Sam Peltzman proposed a model of regulation where the profitability of firms is in tension with their customers' desire for low prices and politicians' desire to get votes.
In Peltzman's model, companies can get politicians off their backs — or get them to institute anti-competitive policies that benefit them — by bribing them with campaign contributions, but the limit on this is that voters will eventually publish politicians for letting companies rip them off.
Politicians look for ways to regulate monopolies that diverts some of their profits to key constituents, keeping the threshold of profit-diversion to a point where the monopolist can still bank large profits.
In the case of Facebook, voters are worried about the costs in privacy, not cash, and the model predicts that Facebook will amp up its Congressional campaign funding and also to create programs that enrich key constituents in key electors' constituencies.

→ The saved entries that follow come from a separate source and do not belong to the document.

Lemma component_sub W a : component W a \subset W.
Proof. by apply/subsetP => b; rewrite inE => /andP[]. Qed.

Lemma mem_component W a : a \in W -> a \in component W a.
Proof. by move=> aW; rewrite inE aW connect0. Qed.

Lemma component_closed W a b w :
  b \in component W a -> w \in W -> e b w -> w \in component W a.
Proof.
rewrite !inE => /andP[bW cab] wW ebw; rewrite wW /=.
by apply: connect_trans cab (connect1 _); rewrite /induced bW wW.
Qed.

Lemma path_induced_closed W (Q : {set T}) a p :
  a \in Q -> (forall u v, u \in Q -> induced W u v -> v \in Q) ->
  path (induced W) a p -> path (induced Q) a p.
Proof.
move=> aQ Qcl; elim: p a aQ => //= v p IH a aQ /andP[eav pp].
have vQ := Qcl _ _ aQ eav; case/and3P: eav => _ _ eav.
by rewrite /induced aQ vQ eav /= IH.
Qed.

Lemma component_connected W a c1 c2 : a \in W ->
  c1 \in component W a -> c2 \in component W a ->
  connect (induced (component W a)) c1 c2.
Proof.
move=> aW; set A := component W a.
have from_a c : c \in A -> connect (induced A) a c.
  rewrite inE => /andP[_ /connectP[p pp ->]]; apply/connectP; exists p => //.
  apply: path_induced_closed (mem_component aW) _ pp => u v uA /and3P[_ vW euv].
  exact: component_closed uA vW euv.
move=> c1A c2A; apply: connect_trans (from_a _ c2A).
by rewrite (sym_connect_sym (induced_sym _)) from_a.
Qed.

Who will be subsidized? Be sure to watch the key players as there is plenty to go around and the money has only begun to flow but aside from campaign funds look for rules, especially in the political sphere, that will raise the costs of advertising to challengers relative to incumbents. Incumbents love incumbency advantage. Also watch out for a deal where the government limits profit regulation in return for greater government access to Facebook data including by the NSA, ICE, local and even foreign police. Keep in mind that politicians don’t really want privacy–remember that in 2016 Congress also held hearings on privacy and technology. Only those hearings were about how technology companies kept their user data too private.